* _GOAL OF THE EXERCISE_:
Word for word, please restate the line containing "let Cx := cos (d (T x) x) in" and all the lines that follow it to the end of the data.
DATASET CONTENT: Begin
Theorem lemma3 (R : realType) (K N : nat)
  (A : 'M[int]_K.+1) (D : 'M[int]_N.+1) (M0 : 'M[int]_(K.+1 + N.+1))
  (A' : 'M[int]_K.+1) (D' : 'M[int]_N.+1) (n_ n'_ : nat -> nat)
  (phi : sq K N -> R) (Cphi P : R) (m : nat)
  (nu : probability (Msp K N) R) (H : sq K N -> R) :
  (* A, D irreducible {0,1}-matrices; M0 a {0,1}-matrix with diagonal blocks A, D
     and some power with all entries positive *)
  zero_one A -> zero_one D -> zero_one M0 ->
  irreducible_mx A -> irreducible_mx D ->
  (forall i j, M0 (lshift N.+1 i) (lshift N.+1 j) = A i j) ->
  (forall i j, M0 (rshift K.+1 i) (rshift K.+1 j) = D i j) ->
  positive_power M0 ->
  (* phi Lipschitz on Sigma_0 with constant Cphi, same top_pressure P on Sigma_A, Sigma_D *)
  (forall x y, Sigma0 M0 x -> Sigma0 M0 y -> `|phi x - phi y| <= Cphi * sq_dist x y) ->
  top_pressure (SigmaA M0) phi = P -> top_pressure (SigmaD M0) phi = P ->
  (* A' <= A, D' <= D, A' <> A, D' <> D, row conditions *)
  zero_one A' -> zero_one D' ->
  (forall i j, A' i j <= A i j) -> (forall i j, D' i j <= D i j) ->
  A' <> A -> D' <> D ->
  (forall k : 'I_K.+1, (exists i : 'I_N.+1, M0 (rshift K.+1 i) (lshift N.+1 k) = 1) ->
     exists j, A' k j != 0) ->
  (forall l : 'I_N.+1, (exists i : 'I_K.+1, M0 (lshift N.+1 i) (rshift K.+1 l) = 1) ->
     exists j, D' l j != 0) ->
  (* (n_m), (n'_m) increasing sequences tending to infinity *)
  (forall k, (n_ k < n_ k.+1)%N) -> (forall k, (n'_ k < n'_ k.+1)%N) ->
  let Pm := top_pressure (SigmaM M0 A' D' (n_ m) (n'_ m)) phi in
  let L := LG M0 A' D' (n_ m) (n'_ m) phi Pm in
  (* nu_m: a probability on G with  int L f dnu = int f dnu *)
  nu (Gset M0) = 1%E ->
  (forall f : sq K N -> R, (forall x, Gset M0 x -> 0 <= f x) ->
     d_continuous_on (Gset M0) f ->
     (\int[nu]_(x in Gset M0) L (fun y => (f y)%:E) x =
      \int[nu]_(x in Gset M0) (f x)%:E)%E) ->
  (* H_m = lim (1/n) sum_{k<n} L^k 1_G, uniformly on G *)
  (forall e : R, 0 < e -> exists n0 : nat, forall n, (n0 <= n)%N ->
     forall x, Gset M0 x ->
       (`| cesaro_LG M0 A' D' (n_ m) (n'_ m) phi Pm n x - (H x)%:E | < e%:E)%E) ->
  (* ... which is a positive continuous eigenfunction with int H dnu = 1 *)
  (forall x, Gset M0 x -> 0 < H x) -> d_continuous_on (Gset M0) H ->
  (forall x, Gset M0 x -> L (fun y => (H y)%:E) x = (H x)%:E) ->
  (\int[nu]_(x in Gset M0) (H x)%:E = 1)%E ->
  (\sum_(a : letter K N) \sum_(b : letter K N)
     (if green M0 a b then
        ereal_sup [set (H x)%:E | x in cyl2 a b `&` Sigma0 M0] * nu (cyl2 a b)
      else 0)
   <= (expR (Cphi / 2))%:E)%E.
Proof.
move=> _ _ M01 _ _ _ _ M0pos phi_lip _ _ _ _ _ _ _ _ _ _ _ _ Pm L nuG _ ces_cvg H_gt0 _ _ H_int.
have Cphi_ge0 : 0 <= Cphi := lipschitz_const_ge0 M01 M0pos phi_lip.
have H_distortion x x' : Gset M0 x -> Gset M0 x' -> first_two x = first_two x' ->
    H x <= expR (Cphi / 2) * H x'.
  move=> Gx Gx' [x0 x1]; have xx' : agree 2 x x' by case=> [|[|]].
  apply: le_trans (uniform_limit_distortion phi_lip Cphi_ge0 ces_cvg _ _ Gx Gx' xx') _.
  by rewrite ler_pM2r ?H_gt0 // ler_expR expr2; lra.
have H_ge0 x : Gset M0 x -> 0 <= H x by move/H_gt0/ltW.
rewrite green_sum_fibreE // -[leRHS]mule1 -H_int.
exact (sum_fibre_sup_le nu (measurable_Gset M0) measurable_first_two_fibre
  (expR_gt0 _) H_ge0 H_distortion).
Qed.
(* Let $X$ be a complete CAT(1) space with $\mathrm{Diam}(X)<\pi/2$. Then every vicinal mapping $T\colon X\to X$ has a fixed point.
   Context: A CAT(1) space is a $\pi$-geodesic metric space in which every geodesic triangle of perimeter $<2\pi$ satisfies the CAT(1) comparison inequality relative to comparison triangles in the unit sphere $\mathbb S^2$. With $C_z=\cos d(Tz,z)$, $T$ is vicinal if for all $x,y\in X$: $\bigl(C_x^2(1+C_y^2)+C_y^2(1+C_x^2)\bigr)\cos d(Tx,Ty)\ge C_x^2(1+C_y^2)\cos d(Tx,y)+C_y^2(1+C_x^2)\cos d(Ty,x)$. *)

From Stdlib Require Import Reals.
Open Scope R_scope.

Definition is_metric {X : Type} (d : X -> X -> R) : Prop :=
  (forall x y, 0 <= d x y) /\
  (forall x y, d x y = 0 <-> x = y) /\
  (forall x y, d x y = d y x) /\
  (forall x y z, d x z <= d x y + d y z).

Definition complete {X : Type} (d : X -> X -> R) : Prop :=
  forall u : nat -> X,
    (forall eps, 0 < eps -> exists N : nat, forall m n, (N <= m)%nat -> (N <= n)%nat ->
        d (u m) (u n) < eps) ->
    exists l : X, forall eps, 0 < eps -> exists N : nat, forall n, (N <= n)%nat ->
        d (u n) l < eps.

Definition geodesic {X : Type} (d : X -> X -> R) (x y : X) (c : R -> X) : Prop :=
  c 0 = x /\ c (d x y) = y /\
  forall s t, 0 <= s <= d x y -> 0 <= t <= d x y -> d (c s) (c t) = Rabs (s - t).

Definition pi_geodesic {X : Type} (d : X -> X -> R) : Prop :=
  forall x y, d x y < PI -> exists c, geodesic d x y c.

Definition R3 : Type := (R * R * R)%type.
Definition dot3 (u v : R3) : R :=
  let '(u1, u2, u3) := u in let '(v1, v2, v3) := v in u1 * v1 + u2 * v2 + u3 * v3.
Definition on_S2 (u : R3) : Prop := dot3 u u = 1.
Definition sdist (u v : R3) : R := acos (dot3 u v).

(** (p, pb) is a pair of corresponding points on the side c from a to b of a geodesic
    triangle and on the side [ab, bb] of a comparison triangle in S^2: p = c t and pb is
    the point of S^2 on the (minimal) comparison segment at distance t from ab. *)
Definition corr_on_side {X : Type} (d : X -> X -> R) (a b : X) (c : R -> X)
    (ab bb : R3) (p : X) (pb : R3) : Prop :=
  exists t, 0 <= t <= d a b /\ p = c t /\ on_S2 pb /\
            sdist ab pb = t /\ sdist pb bb = d a b - t.

Definition CAT1 {X : Type} (d : X -> X -> R) : Prop :=
  is_metric d /\ pi_geodesic d /\
  forall (x y z : X) (cxy cyz czx : R -> X),
    geodesic d x y cxy -> geodesic d y z cyz -> geodesic d z x czx ->
    d x y + d y z + d z x < 2 * PI ->
    forall xb yb zb : R3, on_S2 xb -> on_S2 yb -> on_S2 zb ->
      sdist xb yb = d x y -> sdist yb zb = d y z -> sdist zb xb = d z x ->
      forall (p q : X) (pb qb : R3),
        (corr_on_side d x y cxy xb yb p pb \/ corr_on_side d y z cyz yb zb p pb \/
         corr_on_side d z x czx zb xb p pb) ->
        (corr_on_side d x y cxy xb yb q qb \/ corr_on_side d y z cyz yb zb q qb \/
         corr_on_side d z x czx zb xb q qb) ->
        d p q <= sdist pb qb.

Definition diam_lt {X : Type} (d : X -> X -> R) (r : R) : Prop :=
  exists D, D < r /\ forall x y, d x y <= D.

Definition vicinal {X : Type} (d : X -> X -> R) (T : X -> X) : Prop :=
  forall x y : X,
    let Cx := cos (d (T x) x) in
    let Cy := cos (d (T y) y) in
    (Cx ^ 2 * (1 + Cy ^ 2) + Cy ^ 2 * (1 + Cx ^ 2)) * cos (d (T x) (T y))
    >= Cx ^ 2 * (1 + Cy ^ 2) * cos (d (T x) y) + Cy ^ 2 * (1 + Cx ^ 2) * cos (d (T y) x).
DATASET CONTENT: End
* _ANSWER BOX_:
    let Cx := cos (d (T x) x) in
    let Cy := cos (d (T y) y) in
    (Cx ^ 2 * (1 + Cy ^ 2) + Cy ^ 2 * (1 + Cx ^ 2)) * cos (d (T x) (T y))
    >= Cx ^ 2 * (1 + Cy ^ 2) * cos (d (T x) y) + Cy ^ 2 * (1 + Cx ^ 2) * cos (d (T y) x).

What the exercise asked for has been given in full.